Task
How many lines in the records below contain the word "dots"? State that number and nothing more.
━━ Supplied data ━━
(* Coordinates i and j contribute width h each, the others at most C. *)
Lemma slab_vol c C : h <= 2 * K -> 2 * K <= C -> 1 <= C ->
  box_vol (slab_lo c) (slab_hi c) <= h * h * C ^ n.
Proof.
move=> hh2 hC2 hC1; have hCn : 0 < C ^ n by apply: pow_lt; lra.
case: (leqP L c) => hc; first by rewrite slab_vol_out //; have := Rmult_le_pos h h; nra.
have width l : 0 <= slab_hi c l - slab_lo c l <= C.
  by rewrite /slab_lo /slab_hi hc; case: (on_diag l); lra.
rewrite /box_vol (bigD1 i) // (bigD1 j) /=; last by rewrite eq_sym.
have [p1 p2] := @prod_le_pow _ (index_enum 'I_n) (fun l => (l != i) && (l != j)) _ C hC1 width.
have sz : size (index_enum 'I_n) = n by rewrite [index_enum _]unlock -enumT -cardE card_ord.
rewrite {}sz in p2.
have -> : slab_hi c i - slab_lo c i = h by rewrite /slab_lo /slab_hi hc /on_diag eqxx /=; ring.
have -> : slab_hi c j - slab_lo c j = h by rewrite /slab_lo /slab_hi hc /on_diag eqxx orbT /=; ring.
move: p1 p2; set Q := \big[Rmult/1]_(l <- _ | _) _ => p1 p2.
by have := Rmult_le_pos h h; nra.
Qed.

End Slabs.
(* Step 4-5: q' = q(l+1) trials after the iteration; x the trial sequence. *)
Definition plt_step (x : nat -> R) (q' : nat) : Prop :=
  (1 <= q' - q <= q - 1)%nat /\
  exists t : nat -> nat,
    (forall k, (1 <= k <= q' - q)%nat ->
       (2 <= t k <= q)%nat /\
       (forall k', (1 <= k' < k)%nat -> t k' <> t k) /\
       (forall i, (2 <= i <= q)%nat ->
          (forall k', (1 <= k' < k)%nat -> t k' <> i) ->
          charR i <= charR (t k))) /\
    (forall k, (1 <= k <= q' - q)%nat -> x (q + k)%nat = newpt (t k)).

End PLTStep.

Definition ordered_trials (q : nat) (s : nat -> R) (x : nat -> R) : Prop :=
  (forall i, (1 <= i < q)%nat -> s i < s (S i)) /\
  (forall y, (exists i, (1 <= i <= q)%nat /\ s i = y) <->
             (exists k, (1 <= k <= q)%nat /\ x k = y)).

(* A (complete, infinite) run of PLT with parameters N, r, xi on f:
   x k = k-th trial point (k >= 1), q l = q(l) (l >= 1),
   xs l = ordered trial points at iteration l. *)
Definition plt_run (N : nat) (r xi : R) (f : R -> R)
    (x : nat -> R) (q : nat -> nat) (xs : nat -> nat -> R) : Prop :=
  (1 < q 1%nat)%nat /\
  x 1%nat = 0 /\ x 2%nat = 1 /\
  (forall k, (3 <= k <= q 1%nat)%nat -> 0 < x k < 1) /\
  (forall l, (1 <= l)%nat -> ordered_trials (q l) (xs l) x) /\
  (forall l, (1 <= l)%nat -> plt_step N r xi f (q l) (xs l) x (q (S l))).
━━━
━━ Supplied data ━━
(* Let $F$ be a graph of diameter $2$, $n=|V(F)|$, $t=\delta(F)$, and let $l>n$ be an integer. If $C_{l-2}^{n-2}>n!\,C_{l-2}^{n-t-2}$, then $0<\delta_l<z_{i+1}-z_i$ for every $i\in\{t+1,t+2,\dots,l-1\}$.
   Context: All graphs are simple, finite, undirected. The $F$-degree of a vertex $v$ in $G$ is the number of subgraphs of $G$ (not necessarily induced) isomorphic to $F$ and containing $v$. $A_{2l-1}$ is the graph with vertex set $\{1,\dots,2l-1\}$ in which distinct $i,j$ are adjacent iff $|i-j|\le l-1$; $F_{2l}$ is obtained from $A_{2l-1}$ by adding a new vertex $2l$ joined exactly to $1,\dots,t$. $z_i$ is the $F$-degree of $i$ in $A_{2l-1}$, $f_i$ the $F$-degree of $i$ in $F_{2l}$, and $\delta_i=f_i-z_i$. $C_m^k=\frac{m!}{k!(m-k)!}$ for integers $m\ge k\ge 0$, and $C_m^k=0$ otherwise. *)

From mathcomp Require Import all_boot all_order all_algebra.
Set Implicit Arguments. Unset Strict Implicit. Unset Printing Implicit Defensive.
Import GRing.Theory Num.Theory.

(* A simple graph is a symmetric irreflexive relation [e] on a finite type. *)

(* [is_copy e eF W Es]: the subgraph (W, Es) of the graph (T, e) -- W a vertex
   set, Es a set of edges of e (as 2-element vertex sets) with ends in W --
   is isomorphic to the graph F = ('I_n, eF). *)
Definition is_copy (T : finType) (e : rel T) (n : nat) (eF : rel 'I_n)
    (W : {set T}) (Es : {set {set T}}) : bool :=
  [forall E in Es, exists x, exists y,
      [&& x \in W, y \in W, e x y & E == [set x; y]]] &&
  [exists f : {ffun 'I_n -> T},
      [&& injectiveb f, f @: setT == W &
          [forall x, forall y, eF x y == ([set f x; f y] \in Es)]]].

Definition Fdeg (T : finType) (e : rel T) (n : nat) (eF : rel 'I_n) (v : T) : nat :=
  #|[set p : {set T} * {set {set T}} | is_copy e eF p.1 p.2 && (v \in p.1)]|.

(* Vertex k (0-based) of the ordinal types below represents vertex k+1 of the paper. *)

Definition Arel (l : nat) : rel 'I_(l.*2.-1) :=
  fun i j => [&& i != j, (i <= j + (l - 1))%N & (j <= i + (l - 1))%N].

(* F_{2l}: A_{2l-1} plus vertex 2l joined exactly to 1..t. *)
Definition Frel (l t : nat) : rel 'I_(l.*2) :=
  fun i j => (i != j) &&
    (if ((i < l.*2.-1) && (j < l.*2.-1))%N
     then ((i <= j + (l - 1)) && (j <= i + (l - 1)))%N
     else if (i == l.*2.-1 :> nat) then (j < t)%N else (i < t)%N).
━━━
Answer to this task
2